Manuka Oval press centre shortlisted for major ACT architecture award
In the portfolio of the architectural firm that designed it, “the black box” that now sits above Canberra’s Manuka Oval isn’t that much of a big deal.
After all, global stadia specialist Populous has London’s Olympic Stadium and Wembley Stadium, in its brag book. Very recently it delivered the 62,000-capacity Tottenham Hotspurs arena in London which has a revolutionary retractable pitch.
But as the critical piece of infrastructure that has finally elevated Canberra to the status of international test cricket venue, the new Manuka Oval Media and Function Centre is of paramount local importance.
A forward-leaning facility that emphasises the viewpoint 15 metres above the pitch for television cameras and for up to 200 working media who will convene there for the big calendar matches, it is one of the three shortlisted contenders in the commercial category of the ACT’s annual Australian Institute of Architects awards that will be announced on June 15.
As with the Northern Territory’s AIA chapter, Canberra’s premier architectural design competition is relatively modest, marshalling only about three dozen projects in the shortlist. But as the federal capital, Canberra also hands out briefs for large and iconic civic buildings and is otherwise a showcase for some of the best remaining mid-20th century houses in the country.
Relatively small though the new black box building is, the three-tiered “flexible facility” with the glazed cantilevers facing the ground, and the softer, semi-circular forms of the rear that are horizontally banded with anodized aluminium, was built, somewhat perversely, at the southern end of a ground that has been Canberra’s main cricket venue since the first match was played there in 1930.
In February of this year, and because it now has this state-of-the-art media centre, Manuka hosted Canberra’s inaugural test match between Australia and Sri Lanka.

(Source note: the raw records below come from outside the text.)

Lemma loop_measure_inUperp (S L : {fset P}) (mu : C R S) : L `<=` S ->
  is_loop_measure L mu -> inUperp mu.
Proof.
move=> LS [c [_ Lc _ muE]] f [u fE]; set k : R := (\sum_(y <- L) `|c y|%N)%:R.
transitivity (\sum_(y <- S)
    (if y \in L then (c y)%:~R / k else 0) * \sum_(i < n) u i (y i)).
  rewrite /integrate (big_seq_fsetE _ _ predT) /=.
  by apply: eq_bigr => y _; rewrite muE fE.
rewrite -(big_fset_incl _ LS) => [|y _ /negbTE->]; last by rewrite mul0r.
transitivity (k^-1 * \sum_(y <- L) (c y)%:~R * \sum_(i < n) u i (y i)).
  rewrite mulr_sumr big_seq [RHS]big_seq; apply: eq_bigr => y yL.
  by rewrite yL mulrAC mulrC.
by rewrite vanishes_sum_eq0 ?mulr0.
Qed.

Lemma inUperpB (S : {fset P}) (mu nu : C R S) :
  inUperp mu -> inUperp nu -> inUperp (mu - nu).
Proof.
move=> mu_perp nu_perp f fU; have := mu_perp f fU; have := nu_perp f fU.
rewrite /integrate => nu0 mu0; under eq_bigr do rewrite !ffunE mulrBl.
by rewrite sumrB mu0 nu0 subrr.
Qed.

Lemma inUperp_span (S : {fset P}) (s : seq (C R S)) :
  {in s, forall v, inUperp v} -> forall v, v \in <<s>>%VS -> inUperp v.
Proof.
move=> s_perp v /(coord_span (X := in_tuple s))-> f fU; rewrite /integrate.
under eq_bigr do rewrite sum_ffunE mulr_suml.
rewrite exchange_big big1 //= => i _.
under eq_bigr do rewrite ffunE -mulrA.
by rewrite -mulr_sumr [X in _ * X](s_perp _ (mem_nth 0 (ltn_ord i)) f fU) mulr0.
Qed.

Lemma span_eval_eq0 (S : {fset P}) (s : seq (C R S)) (z : S) :
  {in s, forall v : C R S, v z = 0} -> forall v, v \in <<s>>%VS -> v z = 0.
Proof.
move=> s0 v /(coord_span (X := in_tuple s))->; rewrite sum_ffunE big1 // => i _.
by rewrite ffunE s0 ?scaler0 //; apply: mem_nth.
Qed.

Lemma inUperp_eq0 (S M : {fset P}) (nu : C R S) : M `<=` S -> good R M -> inUperp nu ->
  (forall z : S, val z \notin M -> nu z = 0) -> nu = 0.
Proof.
move=> MS gM nu_perp nu0; apply/ffunP => z; rewrite ffunE -(extend0E nu).
have [zM|zM] := boolP (val z \in M); last by rewrite extend0E nu0.
apply: (good_orthogonal_eq0 gM) zM => u.
rewrite (big_fset_incl _ MS) => [|y yS yM]; last first.
  by rewrite -[y]/(val [` yS]) extend0E nu0 ?mul0r.
pose f := [ffun t : S => \sum_(i < n) u i (val t i)].
have fU : inU f by exists u => t; rewrite ffunE.
rewrite (big_seq_fsetE _ _ predT) /= -[RHS](nu_perp f fU).
by apply: eq_bigr => t _; rewrite extend0E ffunE.
Qed.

The previous crowd-drawing cricket matches held at the Griffith arena had been the women’s and men’s Big Bash League contests and, of course, the regular Prime Minister’s X1 matches that, way back in 1985 when the PM’s X1 faced the West Indies, set the ground’s record attendance of 15.800 people.
In designing the Media Centre which has been instated so it can also operate as a function centre and in winter convert to corporate box mode for AFL and local football matches, Populous’ project lead, Belinda Goh, says the unusual positioning of the facility was proscribed by the rings of heritage trees around the oval, and by other constraints “that drove placing it at the southern end.
“Technically, and because of the sun, media centres are better located at the northern end”.
But the converse siting that in turn determined the in-stepping cantilevers and the elongated screen above them that moderates summer and winter sun “so it is not directly shining at the cameras or the press desks” does afford an interesting viewpoint for television viewers. “In AFL season, it’s a behind the goal experience”, says Goh.
The bifurcated character of the building with that screened and softened perimeter was done in deference to the three concentric circles of mature trees, “so that the layered edge responds to the (treed) nature of the outer ground.
“We thought it was very important to respond to that natural edge, while the field of play edge is much more streamlined, and slick, and black”.
The $14 million project wasn’t significant in the scheme of public infrastructure spends “but it is giving Canberra a big (sports) profile because it has kicked Canberra into the international field of play”.